◆ **To do**:
Review the material line by line. Identify and copy every line that contains the string "Htau".

[Source information — start]

(* Once [z] is small the forcing of the [r]-equation is small, and [r] decays below it. *)
Lemma r_eventually_small c tau : 0 < c -> 0 < tau ->
  eventually_uniformly (fun x t => tr x t ^ 2 < tau) c.
Proof.
  intros Hc Htau. set (G := r_gain c). assert (HG : 0 <= G) by apply r_gain_nonneg.
  set (ez := Rmin 1 (tau / (2 * (G + 1)))).
  assert (Hez : 0 < ez) by (apply Rmin_glb_lt; [lra|apply Rdiv_lt_0_compat; lra]).
  assert (Hforcing : G * ez ^ 2 < tau / 2).
  { assert (ez <= 1) by apply Rmin_l. assert (ez <= tau / (2 * (G + 1))) by apply Rmin_r.
    assert (G * ez ^ 2 <= G * (tau / (2 * (G + 1)))) by (apply Rmult_le_compat_l; nra).
    replace (G * (tau / (2 * (G + 1)))) with (tau / 2 - tau / (2 * (G + 1))) in * by (field; lra).
    assert (0 < tau / (2 * (G + 1))) by (apply Rdiv_lt_0_compat; lra). lra. }
  set (B := c ^ 2 + G * (c ^ 2) ^ 2).
  assert (HB : 0 <= B) by (unfold B; generalize (pow2_ge_0 (c ^ 2)); nra).
  destruct (z_eventually_small c ez Hc Hez) as [T1 [HT1 Hz]].
  set (T2 := B / (h * (tau / 2))). assert (HT2 : 0 <= T2) by (apply Rdiv_le_0_compat; nra).
  exists (T1 + T2). split; [lra|].
  intros t0 x Ht0 Hs Hn t Ht. set (s := t0 + T1).
  assert (HQ : forall u, s <= u -> damping x u * tz2 x u ^ 2 <= a / 2 * exp c * ez).
  { intros u Hu. destruct (damping_between _ _ _ Hs (abs_td_le_of_nrm_lt _ _ _ Hn) u ltac:(unfold s in Hu; lra)) as [_ Hb].
    assert (Hzu := Hz t0 x Ht0 Hs Hn u Hu).
    apply (Rle_trans _ (a / 2 * exp c * tz2 x u ^ 2)); [apply Rmult_le_compat_r; [apply pow2_ge_0|lra]|].
    apply Rmult_le_compat_l; [generalize (exp_pos c); nra|generalize (pow2_ge_0 (tz1 x u)); lra]. }
  assert (Hr := r_sq_bound t0 x s _ Hs ltac:(unfold s; lra) HQ t ltac:(unfold s; lra)).
  replace ((H * (a / 2 * exp c * ez) / h) ^ 2) with (G * ez ^ 2) in Hr by (unfold G, r_gain; field; lra).
  assert (Hrs : tr x s ^ 2 <= B).
  { assert (Hbound := sqnorm_lt_of_nrm_start_lt _ _ _ Hs Hn s ltac:(unfold s; lra)). fold G B in Hbound.
    unfold sqnorm in Hbound. generalize (pow2_ge_0 (tz1 x s)) (pow2_ge_0 (tz2 x s)) (pow2_ge_0 (td x s)). lra. }
  assert (tr x s ^ 2 * exp (- h * (t - s)) <= B * exp (- h * (t - s)))
    by (apply Rmult_le_compat_r; [left; apply exp_pos|lra]).
  generalize (decay_lt B h (tau / 2) (t - s) HB Hh ltac:(lra) ltac:(unfold s, T2 in *; lra)). lra.
Qed.

Lemma uniform_attractivity eta c : 0 < eta -> 0 < c -> exists T, 0 <= T /\
  forall t0 x, 0 <= t0 -> solution t0 x -> nrm x t0 < c -> forall t, t0 + T <= t -> nrm x t < eta.
Proof.
  intros Heta Hc. set (tau := eta ^ 2 / 3). assert (Htau : 0 < tau) by (unfold tau; nra).
  destruct (eventually_uniformly_and _ _ _ (r_eventually_small c tau Hc Htau)
              (eventually_uniformly_and _ _ _ (z_eventually_small c tau Hc Htau)
                 (d_eventually_small c tau Hc Htau))) as [T [HT Hsmall]].
  exists T. split; [exact HT|]. intros t0 x Ht0 Hs Hn t Ht.
  destruct (Hsmall t0 x Ht0 Hs Hn t Ht) as [Hr [Hz Hd]].
  apply nrm_lt_of_sqnorm_lt; [assumption|]. unfold sqnorm, tau in *. lra.
Qed.
End Estimates.
Lemma iter_conv_op_near n g (a e : R) : circle_continuous g ->
  (forall y, `|g y - a| <= e) -> forall x, `|iter n conv_op g x - a| <= e.
Proof.
move=> Cg ga; elim: n => //= n IH.
exact: conv_op_near (iter_conv_op_circle_continuous n Cg).1 IH.
Qed.

Lemma iter_conv_opD n g1 g2 : circle_continuous g1 -> circle_continuous g2 ->
  iter n conv_op (fun x => g1 x + g2 x) =
  fun x => iter n conv_op g1 x + iter n conv_op g2 x.
Proof.
move=> C1 C2; elim: n => //= n ->; apply: funext => x.
by rewrite /conv_op RintegralD //; exact: conv_op_integrable (iter_conv_op_circle_continuous _ _).
Qed.

Lemma leb_transfer_conv_scaled g (s : R) : circle_continuous g ->
  leb_transfer (fun x => \int[mu]_(y in setT) g (x + y * s)) =
  fun z => \int[mu]_(y in setT) leb_transfer g (z + y * (s * 2)).
Proof.
move=> Cg; apply: funext => z.
have ig (u : R) : mu.-integrable setT (EFin \o fun y => g (u + y * s)).
  have [M gM] := periodic1_bounded Cg.
  apply: mass1_integrable => //; last by exists M.
  apply: continuous_measurable_fun.
  exact: (continuous_comp_mulr (f := fun w => g (u + w))) (continuous_comp_addl (t := u) Cg.1).
rewrite /leb_transfer /transfer.
transitivity (\int[mu]_(y in setT) (2^-1 * g (z / 2 + y * s) + 2^-1 * g ((z + 1) / 2 + y * s))).
  have igZ (u : R) : mu.-integrable setT (EFin \o fun y => 2^-1 * g (u + y * s)).
    exact: eq_integrable (integrableZl _ _ (ig u)).
  by rewrite RintegralD ?RintegralZl.
by apply: eq_Rintegral => y _; congr (_ * g _ + _ * g _); field.
Qed.

Lemma iter_leb_transfer_conv_op m h : circle_continuous h ->
  iter m leb_transfer (conv_op h) =
  fun z => \int[mu]_(y in setT) iter m leb_transfer h (z + y * 2 ^+ m).
Proof.
move=> Ch; elim: m => [|m /= ->].
  by apply: funext => z; apply: eq_Rintegral => y _; rewrite mulr1.
rewrite leb_transfer_conv_scaled ?exprSr //.
exact: iter_leb_transfer_circle_continuous.
Qed.

Lemma iter_leb_transfer_conv_op_eq0 n m h : circle_continuous h ->
  (forall z, iter m leb_transfer h z = 0) ->
  forall z, iter m leb_transfer (iter n (conv_op) h) z = 0.
Proof.
move=> Ch h0; elim: n => //= n IH z.
rewrite iter_leb_transfer_conv_op; last exact: iter_conv_op_circle_continuous.
by under eq_Rintegral do rewrite IH; exact: mass1_Rintegral_cst.
Qed.

End Convolution.

Section GibbsContraction.
Context {R : realType} (J : R -> R) (mu : probability R R) (eta : R).
Hypotheses (CJ : circle_continuous J) (gibbsJ : gibbs J mu).
Hypotheses (eta_gt0 : 0 < eta) (J_ge : forall x, eta <= J x).
Hypothesis J_sum1 : forall y, J (y / 2) + J ((y + 1) / 2) = 1.

Let mu_setT : mu setT = 1%E := probability_setT mu.

Lemma gibbs_iter_transfer m g : circle_continuous g ->
  \int[mu]_(y in setT) iter m (transfer J) g y = \int[mu]_(y in setT) g y.
Proof.
move=> Cg; elim: m => //= m <-.
have [cLg pLg] := iter_transfer_circle_continuous m CJ Cg.
exact: gibbsJ.2.
Qed.

Lemma conv_op_contraction m h (K : R) : circle_continuous h ->
  (forall z, iter m leb_transfer h z = 0) -> (forall x, `|h x| <= K) ->
  forall x, `|conv_op mu h x| <= (1 - (2 * eta) ^+ m) * K.
Proof.
move=> Ch h0 hK x.
have Chx : circle_continuous (fun y => h (x + y)).
  by split; [exact: continuous_comp_addl Ch.1 | move=> y; rewrite addrA Ch.2].
rewrite /conv_op -(gibbs_iter_transfer m Chx) -[X in `|X|]subr0.
apply: mass1_Rintegral_near => //.
  exact: continuous_measurable_fun (iter_transfer_circle_continuous m CJ Chx).1.
move=> y _; have := iter_transfer_doeblin (ltW eta_gt0) J_ge J_sum1 m (fun y => hK (x + y)) y.
by rewrite iter_leb_transfer_shift h0 mulr0 !subr0.
Qed.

[Source information — finish]

◆ **Response to the task**:
  intros Hc Htau. set (G := r_gain c). assert (HG : 0 <= G) by apply r_gain_nonneg.
  intros Heta Hc. set (tau := eta ^ 2 / 3). assert (Htau : 0 < tau) by (unfold tau; nra).
  destruct (eventually_uniformly_and _ _ _ (r_eventually_small c tau Hc Htau)
              (eventually_uniformly_and _ _ _ (z_eventually_small c tau Hc Htau)
                 (d_eventually_small c tau Hc Htau))) as [T [HT Hsmall]].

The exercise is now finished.